Required work: Using the data below, gather each line that includes the word "mulrNz".
**** Data
(* Let $H = \{h_0 = 0_H, h_1, \dots, h_{t-1}\}$ be a finite abelian group with a fixed enumeration of its elements, and let $\boldsymbol{\lambda} = (\lambda_0,\dots,\lambda_{t-1})$ be a sequence of nonnegative integers. Suppose that for infinitely many primes $p$, every non-zero sum subset of type $\boldsymbol{\lambda}$ of $(\mathbb{Z}_p \times H) \setminus \{0_{\mathbb{Z}_p\times H}\}$ is sequenceable. Then for every torsion-free abelian group $G$, every non-zero sum subset of type $\boldsymbol{\lambda}$ of $(G \times H) \setminus \{0_{G\times H}\}$ is sequenceable.
   Context: For a finite subset $S$ of an abelian group with $|S| = k$, an ordering $(x_1,\dots,x_k)$ of $S$ has partial sums $(y_0,\dots,y_k)$ with $y_0 = 0$, $y_i = x_1+\cdots+x_i$. It is a sequencing if the $y_i$ are pairwise distinct, and a rotational sequencing if they are pairwise distinct except that $y_k = y_0 = 0$; $S$ is sequenceable if it has one or the other. $S$ is non-zero sum if the sum of its elements is nonzero. For an abelian group $G$ and a finite abelian group $H = \{h_0=0_H,\dots,h_{t-1}\}$, the type of a finite subset $S \subseteq G \times H$ is $(\lambda_0,\dots,\lambda_{t-1})$ where $\lambda_i$ is the number of elements of $S$ whose $H$-coordinate equals $h_i$. *)

From HB Require Import structures.
From mathcomp Require Import all_boot all_order all_algebra.
Set Implicit Arguments. Unset Strict Implicit. Unset Printing Implicit Defensive.
Import GRing.Theory.
Local Open Scope ring_scope.

Definition partial_sums (A : zmodType) (s : seq A) : seq A :=
  [seq \sum_(x <- take i s) x | i <- iota 0 (size s).+1].

Definition is_sequencing (A : zmodType) (s : seq A) : bool :=
  uniq (partial_sums s).

Definition is_rotational_sequencing (A : zmodType) (s : seq A) : bool :=
  uniq (take (size s) (partial_sums s)) && (\sum_(x <- s) x == 0).

(* A finite subset S (given as a duplicate-free list) is sequenceable if
   some ordering of S is a sequencing or a rotational sequencing. *)
Definition sequenceable (A : zmodType) (S : seq A) : Prop :=
  exists s : seq A, perm_eq s S /\ (is_sequencing s || is_rotational_sequencing s).

Definition nonzero_sum (A : zmodType) (S : seq A) : bool := \sum_(x <- S) x != 0.

Definition has_type (G : zmodType) (H : finZmodType) (t : nat)
  (h : 'I_t -> H) (lam : 'I_t -> nat) (S : seq (G * H)) : Prop :=
  forall i : 'I_t, count (fun x => x.2 == h i) S = lam i.

Definition torsion_free (G : zmodType) : Prop :=
  forall (x : G) (n : nat), (0 < n)%N -> x *+ n = 0 -> x = 0.

(* Write the first coordinates of S as g_0, ..., g_(k-1).  Since G is
   torsion-free, there are integers a_0, ..., a_(k-1) such that for every
   c in {-1,0,1}^k, sum c_i g_i = 0 iff sum c_i a_i = 0: by induction on k,
   either some nonzero multiple of g_0 is an integer combination of the other
   g_i and can be substituted away, or g_0 is independent of them and gets a
   coefficient exceeding every bounded combination of the other a_i.  For a
   prime p > sum |a_i| the set S' = {(a_i mod p, h-coordinate of S_i)} of
   Z_p x H then has the same type and exactly the same coincidences among
   subset sums as S.  Being duplicate-free, avoiding 0, having nonzero sum and
   being (rotationally) sequenceable only depend on these coincidences, so the
   hypothesis for S' gives the conclusion for S. *)

From HB Require Import structures.
From mathcomp Require Import all_boot all_order all_algebra.
From mathcomp Require Import zify.
From Stdlib Require Import Classical.
Set Implicit Arguments. Unset Strict Implicit. Unset Printing Implicit Defensive.
Import Order.TTheory GRing.Theory Num.Theory.
Local Open Scope ring_scope.

Definition zcomb (G : zmodType) (g : seq G) (c : nat -> int) : G :=
  \sum_(i < size g) g`_i *~ c i.

Section IntegerCombinations.
Variable G : zmodType.
Implicit Types (g : seq G) (c d : nat -> int).

Lemma zcomb_cons (x : G) g c :
  zcomb (x :: g) c = x *~ c 0%N + zcomb g (fun i => c i.+1).
Proof. by rewrite /zcomb big_ord_recl. Qed.

Lemma zcombD g c d : zcomb g (fun i => c i + d i) = zcomb g c + zcomb g d.
Proof. by rewrite /zcomb -big_split; apply: eq_bigr => i _; rewrite mulrzDr. Qed.

Lemma zcombN g c : zcomb g (fun i => - c i) = - zcomb g c.
Proof. by rewrite /zcomb -sumrN; apply: eq_bigr => i _; rewrite mulrNz. Qed.

Lemma zcombMz g c (m : int) : zcomb g (fun i => c i * m) = zcomb g c *~ m.
Proof. by rewrite /zcomb mulrz_suml; apply: eq_bigr => i _; rewrite mulrzA. Qed.

Lemma zcomb_mulrz g c (m : int) : zcomb [seq y *~ m | y <- g] c = zcomb g c *~ m.
Proof.
rewrite /zcomb size_map mulrz_suml; apply: eq_bigr => i _.
by rewrite (nth_map 0) // mulrzAC.
Qed.

Lemma zcomb_map (V : zmodType) (f : {additive G -> V}) g c :
  zcomb (map f g) c = f (zcomb g c).
Proof.
rewrite /zcomb size_map raddf_sum; apply: eq_bigr => i _.
by rewrite (nth_map 0) // raddfMz.
Qed.

Lemma sum_nth_zcomb g (L : seq nat) :
  uniq L -> {subset L <= iota 0 (size g)} ->
  \sum_(i <- L) g`_i = zcomb g (fun i => (i \in L)%:Z).
Proof.
move=> uL sL; have pL : perm_eq L [seq i <- iota 0 (size g) | i \in L].
  apply: uniq_perm; rewrite ?filter_uniq ?iota_uniq // => i.
  by rewrite mem_filter; apply/idP/andP => [iL | []//]; split; last exact: sL.
rewrite (perm_big _ pL) big_filter big_mkcond /zcomb.
have -> : iota 0 (size g) = index_iota 0 (size g) by rewrite /index_iota subn0.
rewrite big_mkord.
by apply: eq_bigr => i _; case: (val i \in L); rewrite ?mulr1z ?mulr0z.
Qed.

End IntegerCombinations.

Lemma zcomb_int_bound (a : seq int) (c : nat -> int) (B : int) :
  (forall i, (i < size a)%N -> `|c i| <= B) ->
  `|zcomb a c| <= B * \sum_(i < size a) `|a`_i|.
Proof.
move=> bc; rewrite /zcomb mulr_sumr; apply: le_trans (ler_norm_sum _ _ _) _.
apply: ler_sum => i _; rewrite mulrzz normrM mulrC.
by apply: ler_wpM2r; [exact: normr_ge0 | exact: bc].
Qed.

Lemma torsion_free_mulrz_eq0 (G : zmodType) (x : G) (m : int) :
  torsion_free G -> m != 0 -> (x *~ m == 0) = (x == 0).
Proof.
move=> tfG m0; apply/eqP/eqP => [|->]; last exact: mul0rz.
case: m m0 => n n0; first by rewrite -pmulrn; apply: tfG; lia.
by rewrite NegzE mulrNz => /eqP; rewrite oppr_eq0 => /eqP/tfG->.
Qed.

Lemma Zp_intr_eq0 (p : nat) (z : int) :
  (1 < p)%N -> (`|z|%N < p)%N -> ((z%:~R : 'Z_p) == 0) = (z == 0).
Proof.
move=> p1; have natr_eq0 n : (n < p)%N -> ((n%:R : 'Z_p) == 0) = (n == 0)%N.
  by move=> np; rewrite -val_eqE /= val_Zp_nat // modn_small.
by case: z => n /= np; rewrite ?NegzE ?mulrNz ?oppr_eq0 natr_eq0.
Qed.

Definition same_bounded_relations (G G' : zmodType) (g : seq G) (g' : seq G')
    (B : int) : Prop :=
  size g' = size g /\
  forall c : nat -> int, (forall i, (i < size g)%N -> `|c i| <= B) ->
    (zcomb g c == 0) = (zcomb g' c == 0).

Lemma same_bounded_relations_trans (G1 G2 G3 : zmodType)
    (g1 : seq G1) (g2 : seq G2) (g3 : seq G3) (B : int) :
  same_bounded_relations g1 g2 B -> same_bounded_relations g2 g3 B ->
  same_bounded_relations g1 g3 B.
Proof.
move=> [s12 r12] [s23 r23]; split => [|c bc]; first by rewrite s23.
by rewrite r12 // r23 // s12.
Qed.

Section BoundedRelationsCons.
Variables (G : zmodType) (x : G) (g : seq G) (a' : seq int) (B : int).

Lemma same_bounded_relations_cons_dep (m : int) (d : nat -> int) :
  torsion_free G -> m != 0 -> x *~ m = zcomb g d ->
  same_bounded_relations g a' (B * (\sum_(i < size g) `|d i| + `|m|)) ->
  same_bounded_relations (x :: g) (zcomb a' d :: [seq y *~ m | y <- a']) B.
Proof.
move=> tfG m0 xmE [sa' rel']; split => [|c bc]; first by rewrite /= size_map sa'.
pose c' i := d i * c 0%N + c i.+1 * m.
have zcombG : zcomb (x :: g) c *~ m = zcomb g c'.
  by rewrite zcombD !zcombMz zcomb_cons mulrzDl mulrzAC xmE.
have zcombZ : zcomb (zcomb a' d :: [seq y *~ m | y <- a']) c = zcomb a' c'.
  by rewrite zcombD !zcombMz zcomb_cons zcomb_mulrz.
rewrite -(torsion_free_mulrz_eq0 _ tfG m0) zcombG zcombZ rel' // => i ig.
have B0 : 0 <= B by apply: le_trans (bc 0%N isT); exact: normr_ge0.
have di_le : `|d i| <= \sum_(j < size g) `|d j|.
  by rewrite (bigD1 (Ordinal ig)) //= lerDl sumr_ge0.
rewrite mulrDr; apply: le_trans (ler_normD _ _) _; rewrite !normrM.
apply: lerD; last by apply: ler_wpM2r; [exact: normr_ge0 | exact: bc].
by rewrite mulrC; apply: ler_pM => //; exact: bc.
Qed.

Lemma same_bounded_relations_cons_indep :
  (forall (m : int) (d : nat -> int), x *~ m = zcomb g d -> m = 0) ->
  same_bounded_relations g a' B ->
  same_bounded_relations (x :: g)
    ((B * \sum_(i < size a') `|a'`_i| + 1) :: a') B.
Proof.
move=> indep [sa' rel']; split => [|c bc]; first by rewrite /= sa'.
set K := B * _; have bc' i : (i < size g)%N -> `|c i.+1| <= B := bc i.+1.
rewrite !zcomb_cons; have [c0|c0] := eqVneq (c 0%N) 0.
  by rewrite c0 !mulr0z !add0r rel'.
have -> : (x *~ c 0%N + zcomb g (fun i => c i.+1) == 0) = false.
  apply/negbTE/negP; rewrite addr_eq0 -zcombN => /eqP/indep c00.
  by rewrite c00 eqxx in c0.
apply/esym/negbTE/negP; rewrite addr_eq0 mulrzz => /eqP Kc0E.
have : `|(K + 1) * c 0%N| <= K.
  by rewrite Kc0E normrN; apply: zcomb_int_bound; rewrite sa'.
have K0 : 0 <= K.
  by apply: mulr_ge0; [exact: le_trans (bc 0%N isT) | exact: sumr_ge0].
rewrite normrM ger0_norm ?addr_ge0 //.
have : 0 < `|c 0%N| by rewrite normr_gt0.
move: K0; set y := `|c 0%N|; clear; nia.
Qed.

End BoundedRelationsCons.

Lemma int_bounded_relations (G : zmodType) (g : seq G) (B : int) :
  torsion_free G -> exists a : seq int, same_bounded_relations g a B.
Proof.
move=> tfG; elim: g B => [|x g IH] B.
  by exists [::]; split => // c _; rewrite /zcomb !big_ord0 !eqxx.
have [[m [m0 [d xmE]]] | indep] :=
  classic (exists m : int, m != 0 /\ exists d, x *~ m = zcomb g d).
  have [a' rel'] := IH (B * (\sum_(i < size g) `|d i| + `|m|)).
  by eexists; apply: same_bounded_relations_cons_dep rel'.
have [a' rel'] := IH B; eexists; apply: same_bounded_relations_cons_indep rel'.
move=> m d xmE; apply/eqP/negPn/negP => m0.
by apply: indep; exists m; split => //; exists d.
Qed.

Lemma Zp_bounded_relations (p : nat) (a : seq int) (B : int) :
  (1 < p)%N -> B * \sum_(i < size a) `|a`_i| < p%:Z ->
  same_bounded_relations a [seq z%:~R : 'Z_p | z <- a] B.
Proof.
move=> p1 ltBp; split => [|c bc]; first by rewrite size_map.
rewrite (zcomb_map intr) Zp_intr_eq0 //.
have := zcomb_int_bound bc; move: ltBp; lia.
Qed.

Definition subsum_equiv (A A' : zmodType) (F : nat -> A) (F' : nat -> A')
    (k : nat) : Prop :=
  forall L1 L2 : seq nat, uniq L1 -> uniq L2 ->
    {subset L1 <= iota 0 k} -> {subset L2 <= iota 0 k} ->
    (\sum_(i <- L1) F i == \sum_(i <- L2) F i) =
    (\sum_(i <- L1) F' i == \sum_(i <- L2) F' i).

Lemma subsum_equiv_of_relations (G G' : zmodType) (g : seq G) (g' : seq G') :
  same_bounded_relations g g' 1 -> subsum_equiv (nth 0 g) (nth 0 g') (size g).
Proof.
move=> [sg' rel] L1 L2 u1 u2 s1 s2.
have s1' : {subset L1 <= iota 0 (size g')} by rewrite sg'.
have s2' : {subset L2 <= iota 0 (size g')} by rewrite sg'.
rewrite -subr_eq0 -[in RHS]subr_eq0 !sum_nth_zcomb // -!zcombN -!zcombD rel //.
by move=> i _; case: (i \in L1); case: (i \in L2).
Qed.

Lemma sum_pair (A B : zmodType) (I : Type) (r : seq I) (F : I -> A) (E : I -> B) :
  \sum_(i <- r) (F i, E i) = (\sum_(i <- r) F i, \sum_(i <- r) E i).
Proof. by elim: r => [|i r IH]; rewrite ?big_nil ?big_cons ?IH. Qed.

Lemma eq_uniq_map_in (T A B : eqType) (f : T -> A) (f' : T -> B) (s : seq T) :
  {in s &, forall x y, (f x == f y) = (f' x == f' y)} ->
  uniq (map f s) = uniq (map f' s).
Proof.
elim: s => //= x s IH eqf; rewrite IH => [|y z ys zs]; last first.
  by rewrite eqf ?inE ?ys ?zs ?orbT.
congr (~~ _ && _); apply/mapP/mapP => -[y ys fxy]; exists y => //; apply/eqP.
  by rewrite -eqf ?inE ?ys ?eqxx ?orbT ?fxy.
by rewrite eqf ?inE ?ys ?eqxx ?orbT ?fxy.
Qed.

Lemma partial_sums_map (A : zmodType) (T : Type) (F : T -> A) (s : seq T) :
  partial_sums (map F s) =
  [seq \sum_(i <- take j s) F i | j <- iota 0 (size s).+1].
Proof.
by rewrite /partial_sums size_map; apply: eq_map => j; rewrite -map_take big_map.
Qed.

Section SubsumEquivalence.
Variables (A A' : zmodType) (F : nat -> A) (F' : nat -> A') (k : nat).
Hypothesis eqF : subsum_equiv F F' k.

Lemma subsum_equiv_pair (B : zmodType) (E : nat -> B) :
  subsum_equiv (fun i => (F i, E i)) (fun i => (F' i, E i)) k.
Proof.
by move=> L1 L2 u1 u2 s1 s2; rewrite !sum_pair !xpair_eqE eqF.
Qed.

Lemma subsum_equiv_uniq : uniq (mkseq F k) = uniq (mkseq F' k).
Proof.
apply: eq_uniq_map_in => i j ik jk.
by have := eqF (L1 := [:: i]) (L2 := [:: j]); rewrite !big_seq1; apply => // x;
  rewrite inE => /eqP->.
Qed.

Lemma subsum_equiv_mem0 : (0 \in mkseq F k) = (0 \in mkseq F' k).
Proof.
rewrite -!has_pred1 !has_map; apply: eq_in_has => i ik /=.
have := eqF (L1 := [:: i]) (L2 := [::]); rewrite !big_seq1 !big_nil; apply => // x.
by rewrite inE => /eqP->.
Qed.

Lemma subsum_equiv_nonzero_sum : nonzero_sum (mkseq F k) = nonzero_sum (mkseq F' k).
Proof.
rewrite /nonzero_sum !big_map; congr negb.
by have := eqF (L1 := iota 0 k) (L2 := [::]); rewrite !big_nil; apply; rewrite ?iota_uniq.
Qed.

Lemma subsum_equiv_sequenceable : sequenceable (mkseq F' k) -> sequenceable (mkseq F k).
Proof.
case=> s' [/(perm_iotaP 0)[Is pIs ->] seq_s'].
have sIs : {subset Is <= iota 0 k} by move=> i; rewrite (perm_mem pIs) size_mkseq.
have uIs : uniq Is by rewrite (perm_uniq pIs) iota_uniq.
have eIs : map (nth 0 (mkseq F' k)) Is = map F' Is.
  by apply/eq_in_map => i /sIs; rewrite mem_iota => /andP[_ ik]; rewrite nth_mkseq.
exists (map F Is); split; first by apply: perm_map; rewrite size_mkseq in pIs.
have same_eqs l : uniq (map (fun j => \sum_(i <- take j Is) F i) l) =
                  uniq (map (fun j => \sum_(i <- take j Is) F' i) l).
  apply: eq_uniq_map_in => i j _ _; apply: eqF; rewrite ?take_uniq //;
    by move=> x /mem_take /sIs.
move: seq_s'; rewrite eIs /is_sequencing /is_rotational_sequencing !partial_sums_map.
rewrite !size_map -!map_take !same_eqs !big_map.
by have := eqF (L1 := Is) (L2 := [::]); rewrite !big_nil => ->.
Qed.

End SubsumEquivalence.

Theorem theorem4p4 (H : finZmodType) (t : nat) (h : 'I_t -> H)
  (h_bij : bijective h) (h_0 : forall i : 'I_t, nat_of_ord i = 0%N -> h i = 0)
  (lam : 'I_t -> nat) :
  (forall N : nat, exists p : nat, (N < p)%N /\ prime p /\
     (forall S : seq ('Z_p * H)%type, uniq S -> 0 \notin S ->
        has_type h lam S -> nonzero_sum S -> sequenceable S)) ->
  forall G : zmodType, torsion_free G ->
  forall S : seq (G * H)%type, uniq S -> 0 \notin S ->
    has_type h lam S -> nonzero_sum S -> sequenceable S.
Proof.
move=> hyp G tfG S uS S0 typeS nzS.
pose g := [seq x.1 | x <- S]; pose E i := (S`_i).2.
have [a rel_ga] := int_bounded_relations g 1 tfG.
pose P := \sum_(i < size a) `|a`_i|.
have [p [ltPp [p_prime hyp_p]]] := hyp `|P|%N.
pose g' := [seq z%:~R : 'Z_p | z <- a].
have rel_gg' : same_bounded_relations g g' 1.
  apply: same_bounded_relations_trans rel_ga (Zp_bounded_relations _ _).
    exact: prime_gt1.
  by rewrite mul1r -/P; move: ltPp; lia.
have eqv := subsum_equiv_pair (subsum_equiv_of_relations rel_gg') E.
have eS : S = mkseq (fun i => (g`_i, E i)) (size g).
  rewrite -[LHS](mkseq_nth 0) size_map; apply: eq_mkseq => i.
  have [iS | Si] := ltnP i (size S); first by rewrite (nth_map 0) // -surjective_pairing.
  by rewrite /E !nth_default ?size_map.
rewrite eS in uS S0 typeS nzS *; apply: (subsum_equiv_sequenceable eqv); apply: hyp_p.
- by rewrite -(subsum_equiv_uniq eqv).
- by rewrite -(subsum_equiv_mem0 eqv).
- by move=> i; rewrite -typeS /mkseq !count_map.
- by rewrite -(subsum_equiv_nonzero_sum eqv).
Qed.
********
Task answer:
Proof. by rewrite /zcomb -sumrN; apply: eq_bigr => i _; rewrite mulrNz. Qed.
by rewrite NegzE mulrNz => /eqP; rewrite oppr_eq0 => /eqP/tfG->.
by case: z => n /= np; rewrite ?NegzE ?mulrNz ?oppr_eq0 natr_eq0.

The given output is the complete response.